= Required work =
Use the entries below and reproduce exactly the lines from the one containing "by rewrite (le_trans" down to the one containing "Section ReducedFock.", both of them included.
= = =
Lemma ba_norm_sum T (r : seq T) (P : pred T) (F : T -> B) :
  nrm (\sum_(x <- r | P x) F x) <= \sum_(x <- r | P x) nrm (F x).
Proof.
elim/big_ind2: _ => [|r1 x1 r2 x2 le1 le2|//]; first by rewrite ba_norm0.
exact: le_trans (ba_normD _ _) (lerD le1 le2).
Qed.

Lemma prod_ba_norm_ge0 (l : seq B) : 0 <= \prod_(d <- l) nrm d.
Proof. by apply: prodr_ge0 => *; apply: ba_norm_ge0. Qed.

Lemma ba_norm_prod T (r : seq T) (F : T -> B) :
  nrm (\prod_(x <- r) F x) <= \prod_(x <- r) nrm (F x).
Proof.
elim/big_ind2: _ => [|r1 x1 r2 x2 le1 le2|//]; first by rewrite ba_norm1.
exact: le_trans (ba_normM _ _) (ler_pM (ba_norm_ge0 _) (ba_norm_ge0 _) le1 le2).
Qed.

Definition seq_multilinear (f : seq B -> B) := forall l1 l2 (c : R[i]) y z,
  f (l1 ++ (c *: y + z) :: l2) = c *: f (l1 ++ y :: l2) + f (l1 ++ z :: l2).

Lemma seq_multilinear0 : seq_multilinear (fun _ => 0).
Proof. by move=> *; rewrite scaler0 addr0. Qed.

Lemma seq_multilinearB f g : seq_multilinear f -> seq_multilinear g ->
  seq_multilinear (fun l => f l - g l).
Proof. by move=> f_ml g_ml l1 l2 c y z; rewrite f_ml g_ml scalerBr opprD addrACA. Qed.

Lemma seq_multilinear_mulr f (c : B) : seq_multilinear f ->
  seq_multilinear (fun l => f [seq y * c | y <- l]).
Proof. by move=> f_ml l1 l2 c' y z; rewrite !map_cat /= mulr_linl f_ml. Qed.

Definition seq_bounded (f : seq B -> B) (n : nat) (C : R) :=
  forall l, size l = n -> nrm (f l) <= C * \prod_(d <- l) nrm d.

Lemma seq_bounded_le f n C D : C <= D -> seq_bounded f n C -> seq_bounded f n D.
Proof.
move=> le_CD f_bd l size_l.
by rewrite (le_trans (f_bd l size_l)) // ler_wpM2r ?prod_ba_norm_ge0.
Qed.

Lemma seq_boundedB f g n C D : seq_bounded f n C -> seq_bounded g n D ->
  seq_bounded (fun l => f l - g l) n (C + D).
Proof.
move=> f_bd g_bd l size_l; rewrite mulrDl (le_trans (ba_normB _ _)) //.
by rewrite lerD ?f_bd ?g_bd.
Qed.

Lemma seq_bounded_mulr f n C (c : B) : 0 <= C -> seq_bounded f n C ->
  seq_bounded (fun l => f [seq y * c | y <- l]) n (C * nrm c ^+ n).
Proof.
move=> C_ge0 f_bd l size_l; rewrite (le_trans (f_bd _ _)) ?size_map // big_map.
rewrite -mulrA ler_wpM2l // [X in _ <= X]mulrC -size_l -prodr_mulr_const.
rewrite ler_prod // => y _.
by rewrite ba_norm_ge0 ba_normM.
Qed.

End BanachAlgebra.

Section ReducedFock.
Variables (R : realType) (B : banach_algebra R).
Variables (N : nat) (alpha : nat -> seq B -> B).

(* A tensor d_1 ⊗ ⋯ ⊗ d_k ⊗ b_0 enters the operators only through the values
   d_j(i), and is represented by ([:: d_1(i); …; d_k(i)], b_0); see [at_i]. *)
Definition tensor := (seq B * B)%type.

Definition rlam (b : B) (t : tensor) : tensor :=
  if t.1 is d :: ds then (b * d :: ds, t.2) else ([::], b * t.2).

(* [rcontract [::] n] is V_{i,n} and [rcontract [:: 1] n] is W_{i,n}, since
   delta_i(i) = 1. *)
Definition rcontract (pre : seq B) (n : nat) (t : tensor) : seq tensor :=
  if (size t.1 < n)%N then [::]
  else [:: rlam (alpha n (take n t.1)) (pre ++ drop n t.1, t.2)].

Definition rX1 (t : tensor) : seq tensor :=
  flatten [seq rcontract [::] n t ++ rcontract [:: 1] n t | n <- iota 0 N.+1].

Definition rX (v : seq tensor) : seq tensor := flatten (map rX1 v).

Lemma rX_cons t v : rX (t :: v) = rX1 t ++ rX v.
Proof. by []. Qed.

Definition rstep (b : B) (v : seq tensor) : seq tensor := map (rlam b) (rX v).

Definition rword (bs : seq B) : seq tensor := foldr rstep [:: ([::], 1)] bs.

Lemma rword_cons b bs : rword (b :: bs) = rstep b (rword bs).
Proof. by []. Qed.

Definition rP (v : seq tensor) : B := \sum_(t <- v | size t.1 == 0%N) t.2.

Definition rPX (t : tensor) : B := alpha (size t.1) t.1 * t.2.

Definition remainder (k : nat) (bs : seq B) : B :=
  \sum_(t <- rword bs | (size t.1 < k)%N) rPX t.

Lemma size_rlam b t : size (rlam b t).1 = size t.1.
Proof. by case: t => [[|d ds] b0]. Qed.

Lemma mem_rcontract pre n t s : s \in rcontract pre n t ->
  (n <= size t.1)%N /\ size s.1 = (size pre + (size t.1 - n))%N.
Proof.
rewrite /rcontract; case: ltnP => //= le_n; rewrite inE => /eqP ->.
by rewrite size_rlam size_cat size_drop.
Qed.

Lemma size_rX1 t : all (fun s : tensor => size s.1 <= (size t.1).+1)%N (rX1 t).
Proof.
apply/allP => s /flatten_mapP[n _]; rewrite mem_cat.
by case/orP => /mem_rcontract[_ ->] /=; lia.
Qed.

Lemma size_rword bs : all (fun s : tensor => size s.1 <= size bs)%N (rword bs).
Proof.
elim: bs => [|b bs IH] //=; rewrite all_map; apply/allP => s.
rewrite /= size_rlam => /flatten_mapP[t t_in s_in].
by rewrite (leq_trans (allP (size_rX1 t) s s_in)) // ltnS (allP IH).
Qed.

Lemma rP_rstep b v : rP (rstep b v) = b * rP (rX v).
Proof.
rewrite /rP big_map mulr_sumr; apply: congr_big => // [t|[[|d ds] c] //=].
by rewrite size_rlam.
Qed.

Lemma rP_rcontract pre n t : rP (rcontract pre n t) =
  if (size t.1 == n) && (pre == [::]) then rPX t else 0.
Proof.
rewrite /rcontract /rP; case: ltnP => le_n.
  by rewrite big_nil; case: eqP => // eq_n; rewrite eq_n ltnn in le_n.
rewrite big_cons big_nil size_rlam /= size_cat size_drop addr0.
case: pre => [|p pre] /=; last by rewrite andbF.
have -> : (size t.1 - n == 0)%N = (size t.1 == n) by rewrite subn_eq0 eqn_leq le_n andbT.
rewrite andbT; case: eqP => // eq_n.
by rewrite /rPX take_oversize ?eq_n // drop_oversize ?eq_n.
Qed.

Lemma rP_cat v w : rP (v ++ w) = rP v + rP w.
Proof. exact: big_cat. Qed.

Lemma rP_flatten ss : rP (flatten ss) = \sum_(s <- ss) rP s.
Proof. exact: big_flatten. Qed.

Lemma rP_rX1 t : rP (rX1 t) = if (size t.1 <= N)%N then rPX t else 0.
Proof.
rewrite rP_flatten big_map.
under eq_bigr => n _ do rewrite rP_cat !rP_rcontract andbT andbF addr0 eq_sym.
by change (iota 0 N.+1) with (index_iota 0 N.+1); rewrite -big_mkcond big_nat1_eq.
Qed.

Lemma rP_rX v : rP (rX v) = \sum_(t <- v | (size t.1 <= N)%N) rPX t.
Proof.
by rewrite rP_flatten big_map [RHS]big_mkcond; apply: eq_bigr => t _; rewrite rP_rX1.
Qed.

Lemma rX1_top t :
  [seq s <- rX1 t | size s.1 == (size t.1).+1] = [:: (alpha 0 [::] :: t.1, t.2)].
Proof.
have -> : rX1 t = rcontract [::] 0 t ++ rcontract [:: 1] 0 t
    ++ flatten [seq rcontract [::] n t ++ rcontract [:: 1] n t | n <- iota 1 N].
  by rewrite /rX1 /=.
rewrite filter_cat filter_cat [X in _ ++ _ ++ X](@eq_in_filter _ _ pred0); last first.
  move=> s /flatten_mapP[n]; rewrite mem_iota mem_cat => /andP[n_gt0 _].
  case/orP => /mem_rcontract[n_le ->]; apply: ltn_eqF; rewrite ltnS /=.
    by rewrite add0n leq_subr.
  by rewrite add1n ltn_subrL n_gt0 (leq_trans n_gt0 n_le).
rewrite filter_pred0 /rcontract /= take0 drop0 size_rlam /= eqn_leq ltnn andbF eqxx.
by rewrite /= /rlam /= mulr1.
Qed.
= = =
= Solution to this task =
by rewrite (le_trans (f_bd l size_l)) // ler_wpM2r ?prod_ba_norm_ge0.
Qed.

Lemma seq_boundedB f g n C D : seq_bounded f n C -> seq_bounded g n D ->
  seq_bounded (fun l => f l - g l) n (C + D).
Proof.
move=> f_bd g_bd l size_l; rewrite mulrDl (le_trans (ba_normB _ _)) //.
by rewrite lerD ?f_bd ?g_bd.
Qed.

Lemma seq_bounded_mulr f n C (c : B) : 0 <= C -> seq_bounded f n C ->
  seq_bounded (fun l => f [seq y * c | y <- l]) n (C * nrm c ^+ n).
Proof.
move=> C_ge0 f_bd l size_l; rewrite (le_trans (f_bd _ _)) ?size_map // big_map.
rewrite -mulrA ler_wpM2l // [X in _ <= X]mulrC -size_l -prodr_mulr_const.
rewrite ler_prod // => y _.
by rewrite ba_norm_ge0 ba_normM.
Qed.

End BanachAlgebra.

Section ReducedFock.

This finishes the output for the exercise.